Archive for 5月, 2015

Date: 5月 3rd, 2015
Cate: JBL

JBLのユニットのこと(ウーファーについて・その5)

JBLのウーファー2231に採用されたマスコントロールリングは、
JBLがいうとおりの効果が得られるのであれば、どこかに実測データはないのか、とさがしていたら、
JBLではないけれどオンキョーが発表していたデータが見つかった。

オンキョーは1977年9月にセプター・システムスピーカーを発表した。
セプター・スピーカーシステムではなく、システムスピーカーと名づけられたこのシリーズは、
ウーファー3機種、ドライバー3機種、ホーン4機種、トゥイーター1機種、
この他にも音響連美、ネットワーク、エンクロージュアからなる。

このウーファーにも、JBLと同じようにマスコントロールリングが装着されている。
オンキョーではウェイトリングと呼んでいた。

このとき発表されたデータに、
ウェイトリングなし、ウェイトリング30g、ウェイトリング60gの、
周波数特性、インピーダンス特性がある。

ウェイトリングを装着することでなしの状態よりも、当然のことだがf0はわずかに左にずれる。つまり低くなる。
さらにインピータンスの上昇も、なしの状態よりも60g装着時には2/3ほどに抑えられている。
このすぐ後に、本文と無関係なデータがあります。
Lemma arrow_cocycle_not_coboundary :
  ~ is_coboundary (GX X) (KQreg K Q) (arrow_cocycle lam).
Proof.
move=> [h h_lin h_cob].
have hdinj_lin : linear (fun y : rsp X (v 0) => h (dinj y)).
  by move=> a y z; rewrite dinj_linear h_lin.
have [A A_fin A_supp] := findim_supp_bounded X_v0_findim hdinj_lin.
apply: infinite_nat; suff <- : path_down @^-1` A = setT.
  by apply: finite_preimage => // i j _ _; apply: path_down_inj.
apply/seteqP; split => // j _ /=; have [x x_neq0] := lam_arr_neq0 j.
(* [x p_(j+1)] lies in the summand at [ptgt (path_down j.+1)], which is [v 0]
   only propositionally. *)
have [y gact_y] := dinj_transport
  (rpath (X := X) (p := path_down j.+1) (dval (dinj x) (v j.+1))) (endpt_down j.+1).
by apply: (A_supp y); rewrite -gact_y -GX_actE coboundary_coeff_down.
Qed.

End Obstruction.

Lemma separating_of_iso (K : fieldType) (Q : quiver) (X : rep K Q) (u : qV Q) k :
  rep_iso_on (reachable u) X (rep_pow k (Fe K u)) -> separating (rsp X u).
Proof.
move=> [phi [phiP _]].
have [phi_lin /bij_inj phi_inj] := phiP u (ex_intro _ (triv u) (conj erefl erefl)).
apply: (separating_inj phi_lin phi_inj).
exact (@separating_ffun K k (rsp (Fe K u) u) (@separating_scalar_dsum K (pathsft u u))).
Qed.

Lemma exists_arrow_functionals (K : fieldType) (Q : quiver) (X : rep K Q)
    (arr : nat -> qA Q) :
  (forall j, exists2 l : rsp X (qs (arr j)) -> K, scalar l & exists x, l x <> 0) ->
  exists lam : forall b : qA Q, rsp X (qs b) -> K,
    (forall b, scalar (lam b)) /\ forall j, exists x, lam (arr j) x <> 0.
Proof.
move=> arr_dual.
have dual b : exists l : rsp X (qs b) -> K,
    scalar l /\ ((exists j, arr j = b) -> exists x, l x <> 0).
  have [[j <-]|no_j] := pselect (exists j, arr j = b).
    by have [l l_scalar l_neq0] := arr_dual j; exists l.
  by exists (fun=> 0); split => [a x y|jb]; [rewrite mulr0 addr0 | case: (no_j jb)].
exists (fun b => sval (cid (dual b))); split => [b|j]; first by case: cid => l [].
by case: (cid (dual (arr j))) => l [_ l_neq0] /=; apply: l_neq0; exists j.
Qed.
周波数特性は、意外にもいうべきか500Hz以上ではほとんど変化がない。
それから50Hzの肩特性も低い方に移行する。ただし減衰カーヴは一致している。
グラフをみると150Hzから300Hzのあいだでウェイトリングによる特性の変化幅が大きい。

ウェイトリングが重量が増すと、この帯域のレスポンスは低下している。
JBLによれば、マスコントロールリングにより、
低域の下限周波数の拡張だけでなく、堅くて軽いコーン紙を使うことで中低域のレスポンスも向上する、とある。
この辺は、オンキョーの特性結果と異るところでもある。

オンキョーの発表した特性では中低域のレスポンスは低下している。
ただしJBLのそれは、アクアプラスと比較してのことだとすれば、そうなのだろう。

とにかくマスコントロールリング(ウェイトリング)を装着しても中高域は変化しないことがわかった。
そしてオンキョーも発表しているようにボイスコイルボビンとコーン紙の結合がよりしっかりするために、
コーン紙の釣り鐘振動といわれる変形が抑えられているのが、
ウェイトリングなし/ありのストロボ写真ではっきりと確認できる。

この釣り鐘振動は中低域の音の濁りの原因ともいわれているから、
JBLのいう中低域のレスポンスの向上は、このことも含まれているのかもしれない。

Date: 5月 2nd, 2015
Cate: 書く

毎日書くということ(続・最近考えていること)

そんなことを考えていたところに、ステレオサウンド・メディアガイド(PDF)を読んだ。
ここにも「オーディオの素晴らしさ」とある。

編集長の染谷氏の文章の冒頭に、「オーディオの素晴らしさ」とある。
《オーディオの素晴らしさを読者に向けて発信し続けます。》

ほんとうだろうか、と問い正しくなる。
いまのステレオサウンドの誌面から「オーディオの素晴らしさ」が伝わってくるだろうか。
まったくないとはいわないけれど、その多くはオーディオの素晴らしさというよりも、
そこに登場するオーディオ機器の素晴らしさではないのか。

オーディオ機器の素晴らしさは、オーディオの素晴らしさを語ることもある。
けれど、オーディオの素晴らしさを必ずしも語っているとはいえない。

「そんなこまかいこと、どうでもいいじゃないか、気にしすぎだ」といわれようと、
これはとても大事なことだと私は思っている。

Date: 5月 2nd, 2015
Cate: 書く

毎日書くということ(最近考えていること)

書くためには、問いかけが必要となってくる。
いまこんな問いかけをしている。

誰かに「オーディオっておもしろいですか」ときかれたとする。
「面白い」と即答する。
その答をきいて質問者は「オーディオの面白さってなんですか」と質問してくるであろう。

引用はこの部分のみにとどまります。